# Absenteeism at work 

Problem definition: predict the time of absence of an employee knowing some information on the reason of absence or the type of person. 

## Supervised machine learning

**Goal:** predict the time in hours of absenteisme. In the context of the problem we don't really need to get the time down to the minute but rather a global estimation of: is this employee going to be absent for 1/2 day or rather 2 days? 

**Type of supervised learning:** I will use classification model such as Decisiion Tree to get a prediction on the range of absenteeism. Decision Tree model will allow to deal with categorical data because I have many of them in the dataset.

Though regression model would work on the target type of data, I will keep it as a way for improvement if classification models fail. 

**Preprocessing and modelling tasks:** 
- [x] Drop id column which is irrelevant for modelling
- [x] Check types of columns an ensure the categorical data are well identified
- [x] Check for multicollinearity and drop columns with high correlation
- [x] Check distribution and choose the right scaling method
- [x] Check for balance of dataset and over/under sampling if needed
- [x] Create train/test samples 
- [x] Build Decision tree model 
- [x] Check performance of model using accuracy score, visualize confusion matrix using heatmap 

In [None]:
import pandas as pd
import numpy as np
import matplotlib.pyplot as plt
import seaborn as sns

%matplotlib inline
sns.set()

In [None]:
df = pd.read_csv('../data/absenteeism_clusterized.csv')
print(df.shape)
df.head()

In [None]:
# Splitting dataset into features and target dataframes

X = df.drop('absenteeism_bins',axis=1).copy()
print(X.shape)

y = df.absenteeism_bins
print(y.shape)

__________________________
## Preprocessing

In [None]:
# Dropping Id columns because it has no impact on predicting the time of absence
X.drop('id', axis=1, inplace= True)

In [None]:
# Convert categorical dtypes to object

X[['reason_for_absence',
   'month_of_absence',
   'day_of_the_week',
   'seasons','cluster']] = X[['reason_for_absence',
                              'month_of_absence',
                              'day_of_the_week',
                              'seasons','cluster']].astype(object)
X.dtypes

In [None]:
# Checking dtype of target 

y.dtype

In [None]:
# Checking multicollinearity through data visualization

sns.heatmap(abs(X.corr().round(2)), annot=True);

In [None]:
# Checking multicollinearity between numeric columns using VIF metrics

from statsmodels.stats.outliers_influence import variance_inflation_factor as VIF

def drop_check_vif(column, X):
    if column:
        X=X.drop(column, axis=1)
    vifs=pd.Series([VIF(X.values,i) for i in range(X.shape[1])],index=X.columns)
    display(vifs[vifs>10])
    return X

In [None]:
# Creating a list of col to drop for multicollinearity (numeric columns)
col_drop = []
X_num = X._get_numeric_data()

In [None]:
col_drop.append('hit_target')

X_num = drop_check_vif(col_drop[-1], X_num)
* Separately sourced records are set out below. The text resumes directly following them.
Lemma fg_submod_scale c K : fg_submod K -> fg_submod [set c *: k | k in K].
Proof.
case=> s ->; exists (map (fun v => c *: v) s).
pose S := submod_gen [set z | z \in map (fun v => c *: v) s].
have HS : is_submod S := submod_gen_submod _.
apply/seteqP; split=> [_ [k sk <-] | ].
  have HSc : is_submod [set v | S (c *: v)].
    split; first by rewrite /= scaler0; exact: submod0.
    split=> [u v /= Su Sv | r v /= Sv]; first by rewrite scalerDr; exact: submodD HS Su Sv.
    by rewrite scalerA mulrC -scalerA; exact: (submodZ r HS Sv).
  by apply: submod_gen_min HSc _ k sk => v /= sv; apply: sub_submod_gen; exact: map_f.
apply: submod_gen_min (submod_scale c (submod_gen_submod _)) _ => _ /mapP[v sv ->].
by exists v => //; exact: sub_submod_gen.
Qed.

End Submodules.

Section Colon.
Variables (R : comPzRingType) (M : lmodType R).
Implicit Types (K N : set M) (c : R) (cs : seq R).

Definition colon_pow N c m := [set x | N x /\ c ^+ m *: x = 0].

Definition colon_seq N cs := [set x | N x /\ forall c, c \in cs -> c *: x = 0].

Definition torsion_by N c := forall x, N x -> exists n, c ^+ n *: x = 0.

Lemma submod_colon_pow N c m : is_submod N -> is_submod (colon_pow N c m).
Proof.
move=> HN; split; first by split; [exact: submod0 | rewrite scaler0].
split=> [x y [Nx cx] [Ny cy] | r x [Nx cx]].
  by split; [exact: submodD HN Nx Ny | rewrite scalerDr cx cy addr0].
by split; [exact: (submodZ r HN Nx) | rewrite scalerA mulrC -scalerA cx scaler0].
Qed.

Lemma submod_colon_seq N cs : is_submod N -> is_submod (colon_seq N cs).
Proof.
move=> HN; split; first by split=> [|c _]; [exact: submod0 | rewrite scaler0].
split=> [x y [Nx cx] [Ny cy] | r x [Nx cx]].
  by split=> [|c cs_c]; [exact: submodD HN Nx Ny | rewrite scalerDr cx // cy // addr0].
split=> [|c cs_c]; first exact: (submodZ r HN Nx).
by rewrite scalerA mulrC -scalerA cx // scaler0.
Qed.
# I dropped 1 column with VIF above 10: hit_target

In [None]:
# Dropping columns with high multicollinearity

X.drop(columns=col_drop[-1],inplace=True)
print(X.shape)

In [None]:
# Checking the frequency distribution of categorical features
cat_features = X[X.columns[X.dtypes==object]]

fig, axs=plt.subplots(2,3, figsize=(17,8))

for i in range(cat_features.shape[1]):
    ax=axs[i//3,i%3]
    sns.distplot(cat_features.iloc[:,i],ax=ax)

fig.delaxes(ax=axs[1,2])
plt.show()

In [None]:
# Checking the frequency distribution of numeric features
fig, axs=plt.subplots(1,3, figsize=(17,4))

for i in range(X_num.shape[1]):
    sns.distplot(X_num.iloc[:,i],ax=axs[i])

plt.show()

In [None]:
# Apply standardization because scale of values is the same for all

from sklearn.preprocessing import StandardScaler
sc_X = StandardScaler()
X_num_scaled = sc_X.fit_transform(X_num)

X[X.columns[X.columns.isin(X_num.columns)]] = X_num_scaled
X.head()

In [None]:
X.dtypes

In [None]:
# Checking balance of dataset
y.hist();

### Conclusion on preprocessing

We have imbalanced dataset regarding the frequency distribution of targets but this is normal because the categories with low frequency are outliers. 

Distribution of numeric features are not normally dstributed. We can assume that Decision Tree is not sensitive to normal distribution of data so we will keep them as it is. 

We can see that the categorical data are kinda uniformly distributed for seasons and day_of_week, so they may not affect much the model. 

We will build the model as it is and see for application of possible improvements afterwards.

**Possible improvements:** 
- Apply over and under sampling methods to balance the dataset if imbalance of dataset has too much effect
- Apply box-cox transformation if normallity would improve the performance of the model

_______________________
## Modelling

In [None]:
from sklearn.model_selection import train_test_split
from sklearn.tree import DecisionTreeClassifier
from sklearn.metrics import confusion_matrix, accuracy_score, roc_auc_score, precision_score

In [None]:
# Creating samples for train and test data
X_train, X_test, y_train, y_test =  train_test_split(X,y,test_size = 0.3, random_state=42, stratify=y)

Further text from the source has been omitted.